:: The task ::
Only lines containing "pexpr" are wanted from the data below. Copy those lines.
===== Record extracts
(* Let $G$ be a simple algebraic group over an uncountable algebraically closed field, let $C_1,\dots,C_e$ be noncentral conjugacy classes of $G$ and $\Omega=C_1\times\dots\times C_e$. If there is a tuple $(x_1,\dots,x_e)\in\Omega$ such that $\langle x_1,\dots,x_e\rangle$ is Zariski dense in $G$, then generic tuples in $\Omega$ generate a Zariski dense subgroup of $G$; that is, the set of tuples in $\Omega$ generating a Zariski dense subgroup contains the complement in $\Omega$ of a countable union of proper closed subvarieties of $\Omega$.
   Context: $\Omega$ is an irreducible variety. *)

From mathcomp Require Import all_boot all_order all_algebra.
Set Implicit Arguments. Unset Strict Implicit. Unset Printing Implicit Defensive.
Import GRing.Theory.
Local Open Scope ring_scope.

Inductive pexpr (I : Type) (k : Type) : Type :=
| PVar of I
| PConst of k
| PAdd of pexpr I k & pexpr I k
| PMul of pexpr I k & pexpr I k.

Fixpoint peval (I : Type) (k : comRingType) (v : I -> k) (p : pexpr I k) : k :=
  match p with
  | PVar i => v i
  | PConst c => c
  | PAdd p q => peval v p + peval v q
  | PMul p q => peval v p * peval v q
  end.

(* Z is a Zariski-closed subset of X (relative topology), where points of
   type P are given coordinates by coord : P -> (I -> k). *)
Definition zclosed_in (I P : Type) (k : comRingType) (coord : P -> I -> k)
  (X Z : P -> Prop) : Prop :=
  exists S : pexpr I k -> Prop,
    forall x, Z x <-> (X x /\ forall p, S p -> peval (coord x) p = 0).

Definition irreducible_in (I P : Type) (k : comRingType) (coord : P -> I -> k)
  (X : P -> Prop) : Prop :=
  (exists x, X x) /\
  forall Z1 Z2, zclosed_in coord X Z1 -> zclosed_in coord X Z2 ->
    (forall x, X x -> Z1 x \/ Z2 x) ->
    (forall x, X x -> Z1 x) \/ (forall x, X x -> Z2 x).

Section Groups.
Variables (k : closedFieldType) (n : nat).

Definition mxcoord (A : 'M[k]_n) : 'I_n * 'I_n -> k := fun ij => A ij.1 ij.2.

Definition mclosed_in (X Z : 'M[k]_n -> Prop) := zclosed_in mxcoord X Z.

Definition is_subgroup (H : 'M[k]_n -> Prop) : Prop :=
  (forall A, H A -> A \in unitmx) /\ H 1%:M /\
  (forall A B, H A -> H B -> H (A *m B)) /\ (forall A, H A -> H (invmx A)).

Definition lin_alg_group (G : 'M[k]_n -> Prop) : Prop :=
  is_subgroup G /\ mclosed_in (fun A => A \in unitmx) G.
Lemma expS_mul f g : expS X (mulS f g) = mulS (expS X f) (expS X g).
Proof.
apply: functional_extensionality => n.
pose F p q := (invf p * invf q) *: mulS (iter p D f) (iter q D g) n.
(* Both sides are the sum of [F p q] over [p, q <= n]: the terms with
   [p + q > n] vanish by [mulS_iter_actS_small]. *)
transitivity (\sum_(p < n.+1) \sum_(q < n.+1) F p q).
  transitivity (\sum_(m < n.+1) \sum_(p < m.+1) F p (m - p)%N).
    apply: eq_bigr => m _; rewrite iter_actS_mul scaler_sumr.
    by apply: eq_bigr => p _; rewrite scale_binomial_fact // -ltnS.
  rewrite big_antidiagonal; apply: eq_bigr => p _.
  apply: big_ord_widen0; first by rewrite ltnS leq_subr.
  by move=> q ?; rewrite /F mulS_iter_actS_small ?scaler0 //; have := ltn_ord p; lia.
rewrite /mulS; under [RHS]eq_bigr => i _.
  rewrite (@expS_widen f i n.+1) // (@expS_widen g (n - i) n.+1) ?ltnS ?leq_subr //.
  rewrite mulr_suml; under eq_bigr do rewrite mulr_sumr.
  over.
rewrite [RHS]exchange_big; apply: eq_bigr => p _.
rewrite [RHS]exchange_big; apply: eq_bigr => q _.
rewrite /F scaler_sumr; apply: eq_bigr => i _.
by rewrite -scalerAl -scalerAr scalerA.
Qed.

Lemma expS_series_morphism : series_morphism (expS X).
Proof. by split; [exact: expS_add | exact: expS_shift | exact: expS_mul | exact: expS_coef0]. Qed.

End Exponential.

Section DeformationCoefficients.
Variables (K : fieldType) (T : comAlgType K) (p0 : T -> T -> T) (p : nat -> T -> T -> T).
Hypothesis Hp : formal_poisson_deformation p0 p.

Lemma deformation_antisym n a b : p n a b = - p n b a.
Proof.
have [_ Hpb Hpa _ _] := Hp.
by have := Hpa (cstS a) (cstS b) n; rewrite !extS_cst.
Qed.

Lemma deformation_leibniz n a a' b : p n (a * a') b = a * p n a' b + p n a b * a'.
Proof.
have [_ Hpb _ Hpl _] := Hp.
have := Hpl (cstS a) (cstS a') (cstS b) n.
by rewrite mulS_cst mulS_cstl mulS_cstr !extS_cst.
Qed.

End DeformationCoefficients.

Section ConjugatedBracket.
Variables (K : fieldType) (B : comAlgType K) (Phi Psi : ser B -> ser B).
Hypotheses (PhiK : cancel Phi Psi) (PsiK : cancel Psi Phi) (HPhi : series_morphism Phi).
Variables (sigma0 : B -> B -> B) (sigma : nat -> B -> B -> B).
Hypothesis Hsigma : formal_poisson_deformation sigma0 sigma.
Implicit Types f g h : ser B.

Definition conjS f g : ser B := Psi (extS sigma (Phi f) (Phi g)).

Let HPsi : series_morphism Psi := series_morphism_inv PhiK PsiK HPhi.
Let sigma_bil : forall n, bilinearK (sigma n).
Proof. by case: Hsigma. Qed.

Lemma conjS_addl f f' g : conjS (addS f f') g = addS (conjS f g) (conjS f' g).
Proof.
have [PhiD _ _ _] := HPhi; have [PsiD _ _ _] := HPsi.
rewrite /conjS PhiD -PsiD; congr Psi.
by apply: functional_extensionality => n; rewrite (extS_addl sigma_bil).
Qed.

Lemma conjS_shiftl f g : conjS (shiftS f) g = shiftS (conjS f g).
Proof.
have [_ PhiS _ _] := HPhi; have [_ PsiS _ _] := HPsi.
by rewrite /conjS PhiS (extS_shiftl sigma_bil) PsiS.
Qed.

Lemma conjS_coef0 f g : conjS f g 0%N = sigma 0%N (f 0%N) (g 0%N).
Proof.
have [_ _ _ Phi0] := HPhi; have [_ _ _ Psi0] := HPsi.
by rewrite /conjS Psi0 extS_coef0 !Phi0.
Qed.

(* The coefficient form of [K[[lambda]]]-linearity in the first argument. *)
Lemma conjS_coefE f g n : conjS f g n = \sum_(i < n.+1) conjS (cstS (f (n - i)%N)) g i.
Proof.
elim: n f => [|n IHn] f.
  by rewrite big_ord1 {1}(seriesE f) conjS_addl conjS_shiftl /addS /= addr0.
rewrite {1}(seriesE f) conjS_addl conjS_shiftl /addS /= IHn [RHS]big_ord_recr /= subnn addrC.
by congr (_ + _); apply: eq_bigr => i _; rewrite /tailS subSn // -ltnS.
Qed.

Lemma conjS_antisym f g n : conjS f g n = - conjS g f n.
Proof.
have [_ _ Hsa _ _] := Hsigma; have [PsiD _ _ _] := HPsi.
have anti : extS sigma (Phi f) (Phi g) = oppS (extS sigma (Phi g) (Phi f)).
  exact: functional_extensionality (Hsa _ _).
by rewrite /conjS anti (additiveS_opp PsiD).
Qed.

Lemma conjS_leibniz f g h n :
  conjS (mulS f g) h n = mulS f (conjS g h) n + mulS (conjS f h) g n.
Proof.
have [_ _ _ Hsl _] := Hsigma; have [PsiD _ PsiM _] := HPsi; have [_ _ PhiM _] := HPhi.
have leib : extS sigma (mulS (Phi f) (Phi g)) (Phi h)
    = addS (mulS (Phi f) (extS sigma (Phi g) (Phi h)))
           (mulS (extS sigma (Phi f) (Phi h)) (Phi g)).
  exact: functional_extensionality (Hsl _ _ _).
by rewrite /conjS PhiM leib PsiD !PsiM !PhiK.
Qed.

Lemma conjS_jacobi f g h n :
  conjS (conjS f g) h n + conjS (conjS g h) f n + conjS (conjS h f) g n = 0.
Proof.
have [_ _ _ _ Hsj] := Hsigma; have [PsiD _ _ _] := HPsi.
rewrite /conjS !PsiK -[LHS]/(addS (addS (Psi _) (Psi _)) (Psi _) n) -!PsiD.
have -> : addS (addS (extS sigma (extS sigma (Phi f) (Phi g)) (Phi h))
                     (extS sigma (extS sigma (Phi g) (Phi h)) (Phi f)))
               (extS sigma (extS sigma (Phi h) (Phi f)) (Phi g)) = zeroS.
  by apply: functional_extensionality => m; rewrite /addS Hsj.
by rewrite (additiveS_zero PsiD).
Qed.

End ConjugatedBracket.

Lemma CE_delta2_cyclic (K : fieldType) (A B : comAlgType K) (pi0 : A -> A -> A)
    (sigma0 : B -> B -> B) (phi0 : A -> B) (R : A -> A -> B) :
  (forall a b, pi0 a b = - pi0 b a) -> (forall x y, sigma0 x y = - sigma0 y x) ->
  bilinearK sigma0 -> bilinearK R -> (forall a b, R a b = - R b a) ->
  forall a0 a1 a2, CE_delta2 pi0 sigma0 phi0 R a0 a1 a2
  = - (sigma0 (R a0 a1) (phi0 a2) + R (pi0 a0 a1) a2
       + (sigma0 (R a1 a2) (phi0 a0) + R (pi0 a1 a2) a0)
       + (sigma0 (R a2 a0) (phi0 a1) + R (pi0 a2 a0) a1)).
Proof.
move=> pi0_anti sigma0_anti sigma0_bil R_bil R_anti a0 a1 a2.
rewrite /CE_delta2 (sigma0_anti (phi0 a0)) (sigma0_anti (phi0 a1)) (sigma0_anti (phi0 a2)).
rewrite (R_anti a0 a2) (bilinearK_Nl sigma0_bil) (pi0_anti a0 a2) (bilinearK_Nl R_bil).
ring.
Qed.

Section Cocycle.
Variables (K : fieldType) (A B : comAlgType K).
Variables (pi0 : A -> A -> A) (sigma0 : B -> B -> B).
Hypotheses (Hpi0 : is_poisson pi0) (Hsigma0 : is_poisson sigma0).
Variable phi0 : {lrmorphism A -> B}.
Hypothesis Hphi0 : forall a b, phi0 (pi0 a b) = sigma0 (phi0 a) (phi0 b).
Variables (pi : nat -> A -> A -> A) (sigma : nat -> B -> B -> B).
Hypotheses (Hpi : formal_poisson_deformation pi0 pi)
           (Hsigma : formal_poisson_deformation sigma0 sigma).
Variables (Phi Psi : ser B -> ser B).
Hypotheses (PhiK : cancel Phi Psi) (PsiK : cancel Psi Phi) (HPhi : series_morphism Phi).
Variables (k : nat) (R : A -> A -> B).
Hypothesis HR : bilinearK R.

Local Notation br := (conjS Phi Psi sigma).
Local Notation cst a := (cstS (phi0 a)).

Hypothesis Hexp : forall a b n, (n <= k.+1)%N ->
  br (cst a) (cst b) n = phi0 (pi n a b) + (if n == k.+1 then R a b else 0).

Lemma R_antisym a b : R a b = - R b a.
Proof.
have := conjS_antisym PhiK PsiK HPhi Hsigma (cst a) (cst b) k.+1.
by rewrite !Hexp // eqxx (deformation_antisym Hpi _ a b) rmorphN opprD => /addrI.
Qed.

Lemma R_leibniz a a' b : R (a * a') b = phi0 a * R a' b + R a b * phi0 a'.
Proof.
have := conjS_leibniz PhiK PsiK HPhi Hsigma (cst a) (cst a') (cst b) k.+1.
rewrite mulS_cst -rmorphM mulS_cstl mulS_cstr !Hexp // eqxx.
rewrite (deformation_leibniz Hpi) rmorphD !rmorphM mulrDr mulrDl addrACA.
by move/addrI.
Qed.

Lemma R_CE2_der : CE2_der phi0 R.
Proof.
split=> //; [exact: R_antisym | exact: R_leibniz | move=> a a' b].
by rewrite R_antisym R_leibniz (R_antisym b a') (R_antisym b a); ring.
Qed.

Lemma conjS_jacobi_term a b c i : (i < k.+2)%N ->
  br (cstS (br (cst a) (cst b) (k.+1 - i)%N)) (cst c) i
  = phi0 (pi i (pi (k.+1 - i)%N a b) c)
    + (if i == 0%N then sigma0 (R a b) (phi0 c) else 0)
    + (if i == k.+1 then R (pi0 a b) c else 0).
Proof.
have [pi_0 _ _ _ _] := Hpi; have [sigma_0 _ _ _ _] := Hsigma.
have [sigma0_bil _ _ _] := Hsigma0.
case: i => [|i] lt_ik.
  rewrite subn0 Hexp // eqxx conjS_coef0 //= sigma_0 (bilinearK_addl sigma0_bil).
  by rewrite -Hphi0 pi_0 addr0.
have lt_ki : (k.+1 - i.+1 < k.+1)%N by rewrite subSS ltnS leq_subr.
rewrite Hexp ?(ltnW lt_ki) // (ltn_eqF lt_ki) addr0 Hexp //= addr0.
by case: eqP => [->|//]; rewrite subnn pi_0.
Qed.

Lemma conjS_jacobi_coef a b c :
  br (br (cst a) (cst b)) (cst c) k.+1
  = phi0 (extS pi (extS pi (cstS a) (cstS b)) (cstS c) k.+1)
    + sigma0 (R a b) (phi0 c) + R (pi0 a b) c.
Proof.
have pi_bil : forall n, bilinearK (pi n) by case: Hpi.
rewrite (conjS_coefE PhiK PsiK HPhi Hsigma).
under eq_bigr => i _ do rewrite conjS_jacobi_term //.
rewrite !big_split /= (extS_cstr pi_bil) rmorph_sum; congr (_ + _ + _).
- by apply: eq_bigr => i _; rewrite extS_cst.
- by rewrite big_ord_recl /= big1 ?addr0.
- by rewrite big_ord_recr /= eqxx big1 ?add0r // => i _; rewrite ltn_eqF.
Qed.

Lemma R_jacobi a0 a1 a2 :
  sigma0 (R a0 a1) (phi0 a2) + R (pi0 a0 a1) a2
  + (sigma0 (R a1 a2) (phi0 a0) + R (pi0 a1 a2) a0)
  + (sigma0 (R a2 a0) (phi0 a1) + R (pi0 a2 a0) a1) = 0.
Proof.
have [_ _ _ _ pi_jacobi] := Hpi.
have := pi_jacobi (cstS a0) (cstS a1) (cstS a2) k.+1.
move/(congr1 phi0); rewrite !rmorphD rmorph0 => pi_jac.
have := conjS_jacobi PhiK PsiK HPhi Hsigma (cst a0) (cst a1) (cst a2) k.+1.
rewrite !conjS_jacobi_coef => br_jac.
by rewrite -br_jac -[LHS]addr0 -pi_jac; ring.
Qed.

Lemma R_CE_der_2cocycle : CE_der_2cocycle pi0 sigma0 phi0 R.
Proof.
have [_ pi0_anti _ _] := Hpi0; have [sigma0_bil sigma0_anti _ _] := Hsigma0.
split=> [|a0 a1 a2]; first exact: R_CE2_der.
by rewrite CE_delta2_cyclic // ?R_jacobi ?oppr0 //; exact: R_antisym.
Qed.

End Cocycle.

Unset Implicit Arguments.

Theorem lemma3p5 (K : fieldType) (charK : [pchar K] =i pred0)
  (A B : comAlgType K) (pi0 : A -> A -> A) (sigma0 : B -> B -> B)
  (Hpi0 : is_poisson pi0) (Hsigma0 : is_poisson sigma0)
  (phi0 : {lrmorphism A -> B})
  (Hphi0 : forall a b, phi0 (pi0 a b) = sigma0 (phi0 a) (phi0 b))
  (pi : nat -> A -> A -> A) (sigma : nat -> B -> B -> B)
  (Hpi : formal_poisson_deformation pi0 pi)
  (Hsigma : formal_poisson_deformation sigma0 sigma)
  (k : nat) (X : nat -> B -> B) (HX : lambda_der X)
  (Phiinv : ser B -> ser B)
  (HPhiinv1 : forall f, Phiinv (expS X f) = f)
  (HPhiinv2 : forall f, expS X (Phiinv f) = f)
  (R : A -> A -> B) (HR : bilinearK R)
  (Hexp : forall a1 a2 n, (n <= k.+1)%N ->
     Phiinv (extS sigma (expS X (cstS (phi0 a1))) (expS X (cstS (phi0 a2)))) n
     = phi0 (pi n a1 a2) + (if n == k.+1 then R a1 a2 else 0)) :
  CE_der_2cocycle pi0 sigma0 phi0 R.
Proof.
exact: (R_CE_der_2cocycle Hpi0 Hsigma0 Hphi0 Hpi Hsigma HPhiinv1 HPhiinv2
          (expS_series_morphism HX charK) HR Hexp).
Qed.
==========
:: Task answer ::
Inductive pexpr (I : Type) (k : Type) : Type :=
| PAdd of pexpr I k & pexpr I k
| PMul of pexpr I k & pexpr I k.
Fixpoint peval (I : Type) (k : comRingType) (v : I -> k) (p : pexpr I k) : k :=
  exists S : pexpr I k -> Prop,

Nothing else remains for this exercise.